Moreover, 21 percent of those surveyed admitted to medicating their kids with paracetamol, such as Panodil, before sending them to school.

The FOLA parents’ organisation is shocked by the findings.

“I think it is absolutely crazy. It simply cannot be that a child goes to school sick and plays with lots of other children. Then we are faced with the fact that they will infect the whole institution,” said FOLA chair Signe Nielsen.

Pill pushers
At the Børnehuset daycare institution in Silkeborg a meeting was called where parents were implored not to bring their sick children to school.

At Børnehuset there are fears that parents prefer to pack their kids off with a pill without informing teachers.

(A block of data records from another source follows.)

(* Let $G=(U,\alpha)$ and $H=(V,\beta)$ be graphs. Then $G$ and $H$ are strongly disjoint if and only if the joining constraint space $\mathcal{N}(G,H)$ has dimension $1$.
   Context: A weight function on finite $U$ is $\alpha:U\times U\to\mathbb{R}$, $\alpha\ge0$, symmetric, summing to $1$; degree $p(u)=\sum_{u'}\alpha(u,u')$; a graph is $G=(U,\alpha)$. Let $S=\{((u,v),(u',v'))\in(U\times V)^2:\alpha(u,u')>0,\ \beta(v,v')>0\}$. The joining constraint space $\mathcal{N}(G,H)$ is the null space of the joining constraint matrix, i.e. the real vector space of functions $\gamma:S\to\mathbb{R}$ (extended by $0$ outside $S$), with $r(u,v)=\sum_{(u',v')}\gamma((u,v),(u',v'))$ and $T=\sum_{(u,v)}r(u,v)$, satisfying the linear equations: $\gamma((u,v),(u',v'))=\gamma((u',v'),(u,v))$; $\sum_v r(u,v)=p(u)T$ for each $u$; $\sum_u r(u,v)=q(v)T$ for each $v$ (where $q$ is the degree of $\beta$); and $p(u)\sum_{y}\gamma((u,v),(u',y))=\alpha(u,u')r(u,v)$, $q(v)\sum_x\gamma((u,v),(x,v'))=\beta(v,v')r(u,v)$ for all $u,u'\in U$, $v,v'\in V$. A weight joining of $\alpha,\beta$ is a weight function $\gamma$ on $U\times V$ satisfying: degree $r$ has marginals $\sum_v r(u,v)=p(u)$, $\sum_u r(u,v)=q(v)$, and the two transition equations above. $G,H$ are strongly disjoint if the only weight joining is $\alpha\otimes\beta$, $(\alpha\otimes\beta)((u,v),(u',v'))=\alpha(u,u')\beta(v,v')$. *)

From HB Require Import structures.
From mathcomp Require Import all_boot all_order all_algebra.
From mathcomp Require Import reals.
From mathcomp Require Import ring.
Set Implicit Arguments. Unset Strict Implicit. Unset Printing Implicit Defensive.
Import Order.TTheory GRing.Theory Num.Theory.
Local Open Scope ring_scope.

Section Joinings.
Variable R : realType.

Definition weight_function (U : finType) (a : U -> U -> R) : Prop :=
  (forall u u', 0 <= a u u') /\ (forall u u', a u u' = a u' u) /\
  (\sum_(u : U) \sum_(u' : U) a u u' = 1).

Definition degree (U : finType) (a : U -> U -> R) (u : U) : R :=
  \sum_(u' : U) a u u'.

Variables (U V : finType) (alpha : U -> U -> R) (beta : V -> V -> R).

Let p := degree alpha.
Let q := degree beta.

Definition wtensor (x y : U * V) : R := alpha x.1 y.1 * beta x.2 y.2.

Definition weight_joining (g : U * V -> U * V -> R) : Prop :=
  let r := degree g in
  [/\ weight_function g,
      (forall u, \sum_(v : V) r (u, v) = p u),
      (forall v, \sum_(u : U) r (u, v) = q v),
      (forall u u' v, p u * \sum_(y : V) g (u, v) (u', y) = alpha u u' * r (u, v))
    & (forall u v v', q v * \sum_(x : U) g (u, v) (x, v') = beta v v' * r (u, v))].

Definition strongly_disjoint : Prop :=
  forall g, weight_joining g -> forall x y, g x y = wtensor x y.

Definition Sset : pred ((U * V) * (U * V)) :=
  fun z => (0 < alpha z.1.1 z.2.1) && (0 < beta z.1.2 z.2.2).

(* Index set of the linear constraints defining N(G,H):
   vanishing outside S, symmetry, the two marginal equations and the two
   transition equations. *)
Definition cidx : finType :=
  (((U * V) * (U * V)) + ((U * V) * (U * V)) + U + V
    + ((U * V) * U) + ((U * V) * V))%type.

Definition joining_constraints
  (g : {ffun (U * V) * (U * V) -> R^o}) : {ffun cidx -> R^o} :=
  let G x y := g (x, y) in
  let r x := \sum_(y : U * V) G x y in
  let T := \sum_(x : U * V) r x in
  [ffun c : cidx =>
    match c with
    | inl (inl (inl (inl (inl z)))) => if Sset z then 0 else g z
    | inl (inl (inl (inl (inr z)))) => g z - g (z.2, z.1)
    | inl (inl (inl (inr u))) => \sum_(v : V) r (u, v) - p u * T
    | inl (inl (inr v)) => \sum_(u : U) r (u, v) - q v * T
    | inl (inr (uv, u')) =>
        p uv.1 * \sum_(y : V) G uv (u', y) - alpha uv.1 u' * r uv
    | inr (uv, v') =>
        q uv.2 * \sum_(x : U) G uv (x, v') - beta uv.2 v' * r uv
    end].



(* Sanity check: the constraint map is linear, so the kernel below is the
   genuine null space of the joining constraint matrix. *)
Lemma joining_constraints_linear : linear joining_constraints.
Proof.
move=> a g h.
have sc (x : R^o) : a *: x = a * x by [].
have S2 (I : finType) (F G : I -> R) : \sum_i (a * F i + G i) = a * \sum_i F i + \sum_i G i.
  by rewrite big_split /= mulr_sumr.
apply/ffunP; case=> [[[[[z|z]|u]|v]|[uv u']]|[uv v']]; rewrite /joining_constraints !ffunE /= ?sc.
- by case: (Sset z); rewrite ?mulr0 ?addr0.
- ring.
- under eq_bigr do under eq_bigr do rewrite !ffunE sc.
  under eq_bigr do rewrite S2. rewrite S2.
  under [X in _ - _ * X]eq_bigr do under eq_bigr do rewrite !ffunE sc.
  under [X in _ - _ * X]eq_bigr do rewrite S2. rewrite S2. ring.
- under eq_bigr do under eq_bigr do rewrite !ffunE sc.
  under eq_bigr do rewrite S2. rewrite S2.
  under [X in _ - _ * X]eq_bigr do under eq_bigr do rewrite !ffunE sc.
  under [X in _ - _ * X]eq_bigr do rewrite S2. rewrite S2. ring.
- under eq_bigr do rewrite !ffunE sc. rewrite S2.
  under [X in _ - _ * X]eq_bigr do rewrite !ffunE sc. rewrite S2. ring.
- under eq_bigr do rewrite !ffunE sc. rewrite S2.
  under [X in _ - _ * X]eq_bigr do rewrite !ffunE sc. rewrite S2. ring.
Qed.

(* The joining constraint space N(G,H): the null space of the joining
   constraint matrix, as a subspace of the real functions on (U x V)^2
   (functions are extended by 0 outside S). *)
Definition joining_constraint_space : {vspace {ffun (U * V) * (U * V) -> R^o}} :=
  lker (linfun joining_constraints).

End Joinings.

From HB Require Import structures.
From mathcomp Require Import all_boot all_order all_algebra.
From mathcomp Require Import reals boolp ring lra.
Set Implicit Arguments. Unset Strict Implicit. Unset Printing Implicit Defensive.
Import Order.TTheory GRing.Theory Num.Theory.
Local Open Scope ring_scope.

(* The tensor alpha (x) beta is a weight joining, and weight joinings are
   exactly the nonnegative elements of N(G,H) of total mass 1.  If N(G,H) is
   the line through the tensor, the mass normalisation therefore forces every
   joining to be the tensor.  Conversely, every element of N(G,H) vanishes off
   S, where the tensor is strictly positive; so once an element g has been
   shifted to mass 0 by a multiple of the tensor, tensor + e g is still a
   joining for small e > 0.  Strong disjointness makes it equal to the tensor,
   hence g is a multiple of the tensor and N(G,H) is a line. *)

Lemma dimv_eq1_line (K : fieldType) (vT : vectType K) (W : {vspace vT}) (w : vT) :
  w \in W -> w != 0 -> (\dim W == 1)%N = (W <= <[w]>)%VS.
Proof.
move=> wW w_neq0; have lineW : (<[w]> <= W)%VS by rewrite -memvE.
apply/eqP/idP => [dimW1 | WsubL].
  have /eqP <- : <[w]>%VS == W by rewrite eqEdim lineW dim_vline w_neq0 dimW1.
  exact: subvv.
have -> : W = <[w]>%VS by apply/eqP; rewrite eqEsubv WsubL lineW.
by rewrite dim_vline w_neq0.
Qed.

Lemma perturbation_ge0 (R : realFieldType) (T : finType) (f g : T -> R) :
    (forall z, 0 <= f z) -> (forall z, f z = 0 -> g z = 0) ->
  exists2 e, 0 < e & forall z, 0 <= f z + e * g z.
Proof.
move=> f_ge0 supp_g.
have norm1_gt0 z : 0 < `|g z| + 1 by rewrite ltr_wpDl.
pose e := \big[Num.min/1]_(z | f z != 0) (f z / (`|g z| + 1)).
have e_gt0 : 0 < e.
  apply: (big_ind (fun x => 0 < x)) => // [x y x_gt0 y_gt0|z fz_neq0].
    by rewrite lt_min x_gt0 y_gt0.
  by rewrite divr_gt0 // lt_def fz_neq0 f_ge0.
exists e => // z; have [fz0|fz_neq0] := eqVneq (f z) 0.
  by rewrite fz0 supp_g // mulr0 addr0.
have e_le : e * (`|g z| + 1) <= f z.
  by rewrite -ler_pdivlMr // /e (bigD1 z) //= ge_min lexx.
have : - g z <= `|g z| by rewrite -normrN ler_norm.
nra.
Qed.

Lemma degree_ge0 (R : realType) (U : finType) (a : U -> U -> R) u :
  (forall u u', 0 <= a u u') -> 0 <= degree a u.
Proof. by move=> a_ge0; apply: sumr_ge0 => u' _. Qed.

Section ConstraintSpace.
Variables (R : realType) (U V : finType) (alpha : U -> U -> R) (beta : V -> V -> R).
Hypotheses (hG : weight_function alpha) (hH : weight_function beta).

Local Notation FT := {ffun (U * V) * (U * V) -> R^o}.
Local Notation N := (joining_constraint_space alpha beta).

HB.instance Definition _ := GRing.isLinear.Build R _ _ _ (joining_constraints alpha beta)
  (joining_constraints_linear alpha beta).

Lemma joining_constraint_spaceP g :
  g \in N <-> forall c, joining_constraints alpha beta g c = 0.
Proof.
rewrite memv_ker lfunE; split=> [/eqP-> c|g0]; first by rewrite ffunE.
by apply/eqP/ffunP=> c; rewrite g0 ffunE.
Qed.

Definition mass (g : FT) : R := \sum_z g z.

Lemma massE g : mass g = \sum_x \sum_y g (x, y).
Proof. by rewrite pair_bigA; apply: eq_bigr => -[]. Qed.

Lemma massD g h : mass (g + h) = mass g + mass h.
Proof. by rewrite /mass -big_split; apply: eq_bigr => z _; rewrite ffunE. Qed.

Lemma massZ k g : mass (k *: g) = k * mass g.
Proof. by rewrite /mass mulr_sumr; apply: eq_bigr => z _; rewrite ffunE. Qed.

Lemma joining_constraint_supp g x y :
  g \in N -> ~~ Sset alpha beta (x, y) -> g (x, y) = 0.
Proof.
move=> /joining_constraint_spaceP/(_ (inl (inl (inl (inl (inl (x, y))))))).
by rewrite ffunE /= => + /negbTE S0; rewrite S0.
Qed.

Lemma weight_joining_supp g x y :
  weight_joining alpha beta g -> ~~ Sset alpha beta (x, y) -> g x y = 0.
Proof.
case: hG hH => [a_ge0 _] [b_ge0 _]; move: x y => [u v] [u' v'].
case=> [[g_ge0 _] margU margV transU transV].
have r_ge0 z : 0 <= degree g z by exact: degree_ge0.
have g_eq0_of_r : degree g (u, v) = 0 -> g (u, v) (u', v') = 0.
  by move=> r0; apply: (psumr_eq0P (fun y _ => g_ge0 (u, v) y) r0).
rewrite /Sset /= negb_and -!leNgt => /orP[a0|b0].
  have a_eq0 : alpha u u' = 0 by apply: le_anti; rewrite a0 a_ge0.
  have := transU u u' v; rewrite a_eq0 mul0r.
  move=> /eqP; rewrite mulf_eq0 => /orP[/eqP pu0|/eqP sum0].
    apply: g_eq0_of_r; move: (margU u); rewrite pu0.
    by move/(psumr_eq0P (fun v _ => r_ge0 (u, v)))/(_ v isT).
  exact: (psumr_eq0P (fun y _ => g_ge0 (u, v) (u', y)) sum0).
have b_eq0 : beta v v' = 0 by apply: le_anti; rewrite b0 b_ge0.
have := transV u v v'; rewrite b_eq0 mul0r.
move=> /eqP; rewrite mulf_eq0 => /orP[/eqP qv0|/eqP sum0].
  apply: g_eq0_of_r; move: (margV v); rewrite qv0.
  by move/(psumr_eq0P (fun u _ => r_ge0 (u, v)))/(_ u isT).
exact: (psumr_eq0P (fun x _ => g_ge0 (u, v) (x, v')) sum0).
Qed.

Lemma weight_joiningP (g : FT) :
  weight_joining alpha beta (fun x y => g (x, y)) <->
  [/\ g \in N, forall z, 0 <= g z & mass g = 1].
Proof.
split=> [J | [gN g_ge0 g_mass]].
  have g_supp := weight_joining_supp J.
  case: J => [[g_ge0 [g_sym g_mass]] margU margV transU transV].
  have g_mass1 : mass g = 1 by rewrite massE.
  split=> //; last by case=> x y; exact: g_ge0.
  apply/joining_constraint_spaceP.
  case=> [[[[[[x y]|[x y]]|u]|v]|[[u v] u']]|[[u v] v']];
    rewrite ffunE /=; try (apply/eqP; rewrite subr_eq0 -?massE ?g_mass1 ?mulr1; apply/eqP).
  - by case: ifP => // /negbT /g_supp.
  - exact: g_sym.
  - exact: margU.
  - exact: margV.
  - exact: transU.
  - exact: transV.
have c_eq c : joining_constraints alpha beta g c = 0.
  exact: (joining_constraint_spaceP g).1 gN c.
have g_sum1 : \sum_x \sum_y g (x, y) = 1 by rewrite -massE.
split; first split=> [x y|]; first exact: g_ge0.
- split=> [x y|//].
  by move/eqP: (c_eq (inl (inl (inl (inl (inr (x, y))))))); rewrite ffunE subr_eq0 => /eqP.
- move=> u; move/eqP: (c_eq (inl (inl (inl (inr u))))).
  by rewrite ffunE /= g_sum1 mulr1 subr_eq0 => /eqP.
- move=> v; move/eqP: (c_eq (inl (inl (inr v)))).
  by rewrite ffunE /= g_sum1 mulr1 subr_eq0 => /eqP.
- move=> u u' v; move/eqP: (c_eq (inl (inr ((u, v), u')))).
  by rewrite ffunE /= subr_eq0 => /eqP.
- move=> u v v'; move/eqP: (c_eq (inr ((u, v), v'))).
  by rewrite ffunE /= subr_eq0 => /eqP.
Qed.

Lemma weight_joining_wtensor : weight_joining alpha beta (wtensor alpha beta).
Proof.
case: hG hH => [a_ge0 [a_sym a_mass]] [b_ge0 [b_sym b_mass]].
have deg x : degree (wtensor alpha beta) x = degree alpha x.1 * degree beta x.2.
  by rewrite /degree big_distrlr pair_bigA; apply: eq_bigr => -[].
split.
- split=> [x y|]; first by rewrite mulr_ge0.
  split=> [x y|]; first by rewrite /wtensor a_sym b_sym.
  under eq_bigr do rewrite -/(degree _ _) deg.
  by rewrite -[1](mulr1 1) -{1}a_mass -b_mass big_distrlr pair_bigA.
- move=> u; under eq_bigr do rewrite deg.
  by rewrite /= -mulr_sumr b_mass mulr1.
- move=> v; under eq_bigr do rewrite deg.
  by rewrite /= -mulr_suml a_mass mul1r.
- by move=> u u' v; rewrite deg /wtensor /= -mulr_sumr /degree; ring.
- by move=> u v v'; rewrite deg /wtensor /= -mulr_suml /degree; ring.
Qed.

Definition ffun_of_weight (g : U * V -> U * V -> R) : FT := [ffun z => g z.1 z.2].

Lemma ffun_of_weightK g : (fun x y => ffun_of_weight g (x, y)) = g.
Proof. by apply/funext => x; apply/funext => y; rewrite ffunE. Qed.

Local Notation w := (ffun_of_weight (wtensor alpha beta)).

Lemma wtensor_ffun_spec : [/\ w \in N, forall z, 0 <= w z & mass w = 1].
Proof. by apply/weight_joiningP; rewrite ffun_of_weightK; exact: weight_joining_wtensor. Qed.

Lemma strongly_disjointP : strongly_disjoint alpha beta <-> (N <= <[w]>)%VS.
Proof.
have [wN w_ge0 w_mass] := wtensor_ffun_spec.
split=> [SD | Nw _ _ g]; last first.
  rewrite -[g]ffun_of_weightK => /(weight_joiningP (ffun_of_weight g))[gN _ g_mass] x y.
  have /vlineP[k gE] := subvP Nw _ gN.
  have k1 : k = 1 by move: g_mass; rewrite gE massZ w_mass mulr1.
  by rewrite gE k1 scale1r ffunE.
apply/subvP => g gN; pose g' := (- mass g) *: w + g.
have g'N : g' \in N by rewrite memvD ?memvZ.
have w_supp z : w z = 0 -> g' z = 0.
  case: z => x y; rewrite ffunE /=.
  have [/andP[a_gt0 b_gt0]|S0] := boolP (Sset alpha beta (x, y)).
    by move=> /eqP; rewrite mulf_eq0 !gt_eqF.
  by move=> _; exact: joining_constraint_supp g'N S0.
have [e e_gt0 we_ge0] := perturbation_ge0 w_ge0 w_supp.
have : weight_joining alpha beta (fun x y => (e *: g' + w) (x, y)).
  apply/(weight_joiningP (e *: g' + w)); split; first by rewrite memvD ?memvZ.
    by move=> z; rewrite ffunE [(e *: g') z]ffunE addrC; exact: we_ge0.
  by rewrite massD massZ massD massZ w_mass mulr1 addNr mulr0 add0r.
move/SD => hw.
have g'0 : g' = 0.
  have : e *: g' + w = 0 + w.
    by rewrite add0r; apply/ffunP => -[x y]; rewrite [w _]ffunE; exact: hw.
  by move/addIr/eqP; rewrite scaler_eq0 gt_eqF //= => /eqP.
move/eqP: g'0; rewrite /g' addrC scaleNr subr_eq0 => /eqP ->.
by rewrite memvZ ?memv_line.
Qed.

End ConstraintSpace.

Theorem proposition5p4 (R : realType) (U V : finType)
    (alpha : U -> U -> R) (beta : V -> V -> R)
    (hG : weight_function alpha) (hH : weight_function beta) :
  strongly_disjoint alpha beta <->
  \dim (joining_constraint_space alpha beta) = 1%N.
Proof.
have [wN _ w_mass] := wtensor_ffun_spec hG hH.
have w_neq0 : ffun_of_weight (wtensor alpha beta) != 0.
  by apply: contra_eq_neq w_mass => ->; rewrite -(scale0r 0) massZ mul0r eq_sym oner_neq0.
rewrite (strongly_disjointP hG hH) -(dimv_eq1_line wN w_neq0).
by split=> [/eqP | ->].
Qed.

“We occasionally have children who that they have had a pill for breakfast,” said headteacher Susanne Bødker. “You might think that it is a Panodil more than a vitamin pill, if it is a child who has just been sick, for example.”

Parents sick and tired
Parents, when confronted, often cite pressure at work as a reason for not being able to stay at home with their children.

Many declare that they simply cannot take another day off, as they are afraid of being fired.

Allan Randrup Thomsen, a professor of virology at KU, has heavily criticised the parents’ actions, describing the current situation as a “vicious circle”.

“It promotes the spread of viruses, and it adds momentum to a cycle where parents are pressured by high levels of sick-leave. If they then choose to send the children to daycare while they are still recovering, they keep the epidemic going in daycares, and this in turn puts a greater burden on the parents.”